Prepare Data for Code LLM Training

If you want to teach your LLM some tricks you need to prepare some training data and run a training (or fine-tuning) on the LLM. For more complex knowledge, this would be a set of a few dozen or even hundred of data pairs: what it is and what it should be. This is called Supervised Learning.

For example: a piece of code, and a description of what the code does. If you write about 100 of these pairs, the LLM will start understanding and be able to explain code it hasn’t seen before. It can also be a piece of code and an instruction: the instruction describes how the given code should be build. As a result, the LLM will be able to write code out of text instructions.

Example:

How much should I write?

You can start seeing results with as little as 100 pairs. But the actual number you will need depends on various factors such as model complexity, data quality, diversity, the complexity of the task or the available training resources.

More complex models might require more data to learn effectively. Higher-quality data can lead to better performance, but it might compensate for a smaller dataset to some extent. A diverse dataset covering various programming languages, problem domains, and styles can enhance the model’s generalization. If the task requires highly nuanced or specialized descriptions, more data might be needed to capture these nuances effectively. The computational resources available for training play a role too; larger datasets might require more computational power and time.

How to Start

Begin with a reasonably sized dataset and monitor the model’s performance. You can then incrementally add more data, observing how the model improves with additional training examples.
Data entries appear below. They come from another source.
(* Let $\mathbb X$ be a flow space and $x_\bullet\in\mathbb X$. If $\mathbb X$ is not dense at $x_\bullet$, then $\mathbb X$ does not admit an expansion about $x_\bullet$.
   Context: A flow space is a compact metrizable space $\mathbb X$ of topological dimension one with a continuous action $(t,x)\mapsto t.x$ of $\mathbb R$ without fixed points; orbits are oriented by increasing $t$. $\mathbb X$ is dense at $x\in\mathbb X$ if every neighbourhood of $x$ contains a point of the forward orbit $\{t.y:t>0\}$ of every $y\in\mathbb X$. $W_k$ is a wedge of $k$ circles with a chosen orientation on each circle. A positive map $f\colon W_m\to W_k$ is a continuous surjection sending wedge point to wedge point, preserving the orientation of each circle, and locally injective at every point other than the wedge point. A projection $p\colon\mathbb X\to W_k$ is a continuous surjection which is locally injective along orbits (each $x$ has $\epsilon_x>0$ with $p$ injective on $\{t.x:|t|<\epsilon_x\}$) and orientation preserving along orbits. An expansion of $\mathbb X$ about $x_\bullet$ consists of oriented wedges of circles $X_i$ ($i\ge1$) with wedge points $x_i$, positive maps $f_i\colon X_{i+1}\to X_i$, and projections $p_i\colon\mathbb X\to X_i$ with $p_i(x_\bullet)=x_i$, such that $p_n=f_{n,m}\circ p_m$ for all $m>n$, where $f_{n,m}=f_n\circ f_{n+1}\circ\cdots\circ f_{m-1}\colon X_m\to X_n$, and such that $x\mapsto(p_i(x))_{i\ge1}$ is a homeomorphism from $\mathbb X$ onto the inverse limit $\{(z_i)\in\prod_i X_i : z_i=f_i(z_{i+1})\ \forall i\}$. *)

From HB Require Import structures.
From mathcomp Require Import all_boot all_order all_algebra.
From mathcomp Require Import all_classical all_reals all_analysis.
From mathcomp Require Import Rstruct Rstruct_topology.
Set Implicit Arguments. Unset Strict Implicit. Unset Printing Implicit Defensive.
Import Order.TTheory GRing.Theory Num.Theory.
Local Open Scope classical_set_scope.
Local Open Scope ring_scope.

Notation RR := Rdefinitions.R.

Definition covdim_le (T : topologicalType) (n : nat) : Prop :=
  forall (a : nat) (U : 'I_a -> set T),
    (forall i, open (U i)) -> (forall x : T, exists i, U i x) ->
    exists (b : nat) (V : 'I_b -> set T),
      [/\ (forall j, open (V j)),
          (forall x : T, exists j, V j x),
          (forall j, exists i, V j `<=` U i) &
          (forall J : seq 'I_b, uniq J -> size J = n.+2 ->
             ~ exists x : T, forall j, j \in J -> V j x)].

Definition topdim_one (T : topologicalType) : Prop :=
  covdim_le T 1 /\ ~ covdim_le T 0.

(* T is a pseudometric space (so its topology is metric-induced);
   together with Hausdorffness this is "metrizable". *)
Definition is_flow (T : pseudoMetricType RR) (act : RR -> T -> T) : Prop :=
  [/\ continuous (fun q : RR * T => act q.1 q.2),
      (forall x, act 0 x = x),
      (forall s t x, act s (act t x) = act (s + t) x) &
      (forall x, exists t, act t x <> x)].

Definition flow_space (T : pseudoMetricType RR) (act : RR -> T -> T) : Prop :=
  [/\ compact [set: T], hausdorff_space T, topdim_one T & is_flow act].

Definition dense_at (T : pseudoMetricType RR) (act : RR -> T -> T) (x : T) :=
  forall N : set T, nbhs x N -> forall y : T, exists2 t : RR, 0 < t & N (act t y).

(* The j-th circle (j < k) is the circle of radius j+1 centred at
   (j+1, 0); all these circles meet exactly at the origin (the wedge
   point).  circ j s parametrises it (1-periodically) and fixes its
   orientation: increasing s is the positive direction. *)
Definition circ (j : nat) (s : RR) : RR * RR :=
  (j.+1%:R * (1 - cos (2 * pi * s)), j.+1%:R * sin (2 * pi * s)).

Definition wpt : RR * RR := (0, 0).

Definition wedge (k : nat) : set (RR * RR) :=
  [set z | exists j, (j < k)%N /\ exists s, z = circ j s].

Definition oriented_at (k : nat) (g : RR -> RR * RR) (t0 : RR) : Prop :=
  exists2 e : RR, 0 < e &
   (exists i, (i < k)%N /\ exists phi : RR -> RR,
      [/\ {within `]t0 - e, t0], continuous phi},
          {in `]t0 - e, t0] &, forall u v, u < v -> phi u < phi v} &
          {in `]t0 - e, t0], forall t, g t = circ i (phi t)}]) /\
   (exists j, (j < k)%N /\ exists psi : RR -> RR,
      [/\ {within `[t0, t0 + e[, continuous psi},
          {in `[t0, t0 + e[ &, forall u v, u < v -> psi u < psi v} &
          {in `[t0, t0 + e[, forall t, g t = circ j (psi t)}]).

Definition positive_map (m k : nat) (f : RR * RR -> RR * RR) : Prop :=
  [/\ {within wedge m, continuous f},
      f @` wedge m = wedge k,
      f wpt = wpt,
      (forall j, (j < m)%N -> forall s, oriented_at k (f \o circ j) s) &
      (forall w, wedge m w -> w <> wpt ->
         exists2 U : set (RR * RR), nbhs w U &
           {in U `&` wedge m &, injective f})].

Definition projection (T : pseudoMetricType RR) (act : RR -> T -> T)
    (k : nat) (p : T -> RR * RR) : Prop :=
  [/\ continuous p,
      p @` setT = wedge k,
      (forall x, exists2 e : RR, 0 < e &
         {in [set act t x | t in `]- e, e[], injective p}) &
      (forall x, oriented_at k (fun t => p (act t x)) 0)].

Fixpoint fcomp (f : nat -> RR * RR -> RR * RR) (n d : nat) : RR * RR -> RR * RR :=
  match d with
  | 0 => id
  | d'.+1 => fcomp f n d' \o f (n + d')%N
  end.

Definition inv_limit (k : nat -> nat) (f : nat -> RR * RR -> RR * RR)
  : set {ptws nat -> (RR * RR)%type} :=
  [set z | forall i, wedge (k i) (z i) /\ z i = f i (z i.+1)].

(* An expansion of X about xb (indices start at 0 instead of 1). *)
Definition expansion (T : pseudoMetricType RR) (act : RR -> T -> T) (xb : T)
    (k : nat -> nat) (f : nat -> RR * RR -> RR * RR) (p : nat -> T -> RR * RR)
  : Prop :=
  [/\ (forall i, positive_map (k i.+1) (k i) (f i)),
      (forall i, projection act (k i) (p i)),
      (forall i, p i xb = wpt),
      (forall n d, p n = fcomp f n d.+1 \o p (n + d.+1)%N) &
      let P := fun x : T => ((fun i => p i x) : {ptws nat -> (RR * RR)%type}) in
      [/\ continuous P, injective P, P @` setT = inv_limit k f &
          exists Q : {ptws nat -> (RR * RR)%type} -> T,
            (forall x, Q (P x) = x) /\ {within inv_limit k f, continuous Q}]].

Definition admits_expansion (T : pseudoMetricType RR) (act : RR -> T -> T) (xb : T)
  : Prop := exists k f p, @expansion T act xb k f p.

From HB Require Import structures.
From mathcomp Require Import all_boot all_order all_algebra.
From mathcomp Require Import all_classical all_reals all_analysis.
From mathcomp Require Import Rstruct Rstruct_topology.
From mathcomp Require Import ring lra.

(* The slope z.2 / z.1 of a point z <> wpt of the wedge equals cot (pi s) when
   z = circ j s, whatever the circle j.  Hence it strictly decreases along every
   positively oriented path that avoids the wedge point.  If the forward orbit of
   y never met p^-1(wpt) for a projection p, the slope would thus decrease along
   the whole forward orbit, which is impossible near a cluster point of the
   orbit, where the orbit keeps returning (compactness).  So every forward orbit
   meets every fibre p_n^-1(wpt); and since the expansion is a homeomorphism onto
   the inverse limit, these fibres shrink to x_bullet, making X dense there. *)

Set Implicit Arguments. Unset Strict Implicit. Unset Printing Implicit Defensive.
Import Order.TTheory GRing.Theory Num.Theory numFieldNormedType.Exports.
Local Open Scope classical_set_scope.
Local Open Scope ring_scope.

Definition wedge_cot (z : RR * RR) : RR := z.2 / z.1.

Lemma circ_half_angle (j : nat) (s : RR) :
  circ j s = (j.+1%:R * (2 * sin (pi * s) ^+ 2),
              j.+1%:R * (2 * sin (pi * s) * cos (pi * s))).
Proof.
rewrite /circ (_ : 2 * pi * s = pi * s + pi * s); last by ring.
rewrite trigo.cosD trigo.sinD -[X in X - _](cos2Dsin2 (pi * s)).
congr (_, _); ring.
Qed.

Lemma circ_eq_wpt (j : nat) (s : RR) : circ j s = wpt <-> sin (pi * s) = 0.
Proof.
rewrite circ_half_angle /wpt; split => [[+ _] | ->]; last by congr (_, _); ring.
by move/eqP; rewrite !mulf_eq0 pnatr_eq0 orbb pnatr_eq0 /= => /eqP.
Qed.

Lemma wedge_cot_circ (j : nat) (s : RR) :
  sin (pi * s) != 0 -> wedge_cot (circ j s) = cos (pi * s) / sin (pi * s).
Proof.
move=> s_neq0; rewrite circ_half_angle /wedge_cot /=.
have j_neq0 : (j.+1%:R : RR) != 0 by rewrite pnatr_eq0.
by field; rewrite s_neq0 addrC natr1 j_neq0.
Qed.

Lemma wedge_fst_neq0 (k : nat) (z : RR * RR) : wedge k z -> z <> wpt -> z.1 != 0.
Proof.
case=> j [_ [s ->]] /circ_eq_wpt /eqP s_neq0.
by rewrite circ_half_angle /= !mulf_neq0 ?pnatr_eq0 ?expf_neq0.
Qed.

Lemma sin_pi_sub_gt0 (R : realType) (a b : R) : a < b < a + 1 -> 0 < sin (pi * b - pi * a).
Proof.
move=> /andP[ab ba1]; have pi_pos : 0 < (pi : R) := pi_gt0 _.
apply: sin_gt0_pi; rewrite -mulrBr pmulr_rgt0 ?subr_gt0 //=.
by rewrite -ltr_pdivlMl // mulVf ?gt_eqF //; lra.
Qed.

Lemma wedge_cot_circ_lt (j : nat) (a b : RR) : a < b < a + 1 ->
  0 < sin (pi * a) * sin (pi * b) -> wedge_cot (circ j b) < wedge_cot (circ j a).
Proof.
move=> ab_lt sin_ab.
have a_neq0 : sin (pi * a) != 0 by apply: contraTneq sin_ab => ->; rewrite mul0r ltxx.
have b_neq0 : sin (pi * b) != 0 by apply: contraTneq sin_ab => ->; rewrite mulr0 ltxx.
rewrite -subr_gt0 !wedge_cot_circ //.
have -> : cos (pi * a) / sin (pi * a) - cos (pi * b) / sin (pi * b)
   = sin (pi * b - pi * a) / (sin (pi * a) * sin (pi * b)).
  by rewrite sinB; field; rewrite a_neq0 b_neq0.
by rewrite divr_gt0 // sin_pi_sub_gt0.
Qed.

Lemma sin_pi_neq0_after_root (R : realType) (a b : R) :
  sin (pi * a) = 0 -> a < b < a + 1 -> sin (pi * b) != 0.
Proof.
move=> sin_a /sin_pi_sub_gt0; apply: contraTneq => sin_b.
by rewrite sinB sin_a sin_b !mul0r mulr0 subr0 ltxx.
Qed.

Lemma exists_pos_le2 (R : realDomainType) (e1 e2 : R) : 0 < e1 -> 0 < e2 ->
  exists d : R, [/\ 0 < d, d <= e1 & d <= e2].
Proof.
move=> e1_gt0 e2_gt0; exists (Num.min e1 e2).
by rewrite lt_min e1_gt0 e2_gt0 !ge_min !lexx orbT.
Qed.

Definition locally_decreasing_at (R : realType) (F : R -> R) (c : R) : Prop :=
  exists2 e : R, 0 < e & forall s,
    (c - e < s < c -> F c < F s) /\ (c < s < c + e -> F s < F c).

Lemma locally_decreasing_at_shift (R : realType) (F : R -> R) (c : R) :
  locally_decreasing_at (fun s => F (s + c)) 0 -> locally_decreasing_at F c.
Proof.
case=> e e_gt0 decF; exists e => // s; have [lt_left lt_right] := decF (s - c).
rewrite !subrK !add0r in lt_left lt_right.
by split => /andP[? ?]; [apply: lt_left | apply: lt_right]; apply/andP; split; lra.
Qed.

Lemma lt_locally_decreasing (R : realType) (F : R -> R) (a b : R) :
  (forall c, a <= c <= b -> locally_decreasing_at F c) -> a < b -> F b < F a.
Proof.
move=> decF ab.
pose S := [set c | a <= c <= b /\ forall s, a < s <= c -> F s < F a].
have Sa : S a by split=> [|s /andP[? ?]]; [rewrite lexx ltW | lra].
have supS : has_sup S by split; [exists a | exists b => c [/andP[_ ?] _]].
pose m := sup S.
have ub_m c : S c -> c <= m by apply: sup_upper_bound.
have m_le_b : m <= b by apply: sup_le_ub; [exists a | move=> c [/andP[_ ?] _]].
have below_m s : a < s < m -> F s < F a.
  move=> /andP[a_s s_m].
  have [c [_ Sc] c_gt] := sup_adherent (eps := m - s) (ltac:(lra)) supS.
  by apply: Sc; apply/andP; split; rewrite -/m in c_gt; lra.
have a_lt_m : a < m.
  have [e e_gt0 decFa] := decF a (ltac:(apply/andP; split; lra)).
  have [d [d_gt0 de db]] := exists_pos_le2 e_gt0 (ltac:(lra) : 0 < b - a).
  suff /ub_m : S (a + d / 2) by lra.
  split=> [|s /andP[? ?]]; first by apply/andP; split; lra.
  by apply: (decFa s).2; apply/andP; split; lra.
have [e e_gt0 decFm] := decF m (ltac:(apply/andP; split; lra)).
have Fm : F m < F a.
  have [d [d_gt0 de dm]] := exists_pos_le2 e_gt0 (ltac:(lra) : 0 < m - a).
  have Fm_lt : F m < F (m - d / 2) by apply: (decFm _).1; apply/andP; split; lra.
  by apply: lt_trans Fm_lt _; apply: below_m; apply/andP; split; lra.
suff b_eq_m : b = m by rewrite b_eq_m.
apply/eqP; rewrite eq_le m_le_b andbT leNgt; apply/negP => m_lt_b.
have [d [d_gt0 de dm]] := exists_pos_le2 e_gt0 (ltac:(lra) : 0 < b - m).
suff /ub_m : S (m + d / 2) by lra.
split=> [|s /andP[? ?]]; first by apply/andP; split; lra.
have [sm|ms|->] := ltgtP s m; last exact: Fm.
- by apply: below_m; apply/andP; split.
- by apply: lt_trans Fm; apply: (decFm s).2; apply/andP; split; lra.
Qed.

Lemma locally_decreasing_at_near (R : realType) (F : R -> R) (c : R) :
  (\forall s \near c, (s < c -> F c < F s) /\ (c < s -> F s < F c)) ->
  locally_decreasing_at F c.
Proof.
move=> /nbhs_ballP[e e_gt0 near_c]; exists e => // s.
have near_s : c - e < s < c + e -> (s < c -> F c < F s) /\ (c < s -> F s < F c).
  by rewrite -ltr_distlC; apply: near_c.
by split=> /andP[? ?]; [apply: (near_s _).1 | apply: (near_s _).2] => //;
  apply/andP; split; lra.
Qed.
As a general rule of thumb, having several thousand pairs of code and descriptions is a good starting point for training a language model effectively. However, this can vary significantly based on the factors mentioned above.

Tools that Help

For once you would need to get a larger set of code snippets from your code base, or something you find on the internet or on GitHub. A useful tool for that is Treesitter. It supports a lot of languages (parsers) from JS, Python, C++ and the like to more esoteric languages such as Erlang, Haskell, Fennel (a Lisp that compiles to Lua). You need your dataset to be somewhat diverse, cover each topic kind of equally such as language datatypes, conditional constructs, I/O etc, talking about a base dataset. When it gets to your specific use cases, identify what is essential and make sure you cover everything.

When you have your list of snippets, you can import them into a tool such as OpenDocString which helps you write the descriptions, balance the topics of your dataset and gives insights on data quality and diversity. The tool is in its early stage, but looks already very promising and makes life much easier.

Once done, you have a larger list of code and descriptions, which you can then feed to your model for training, either using an online service or train it locally on your machine or cloud instance.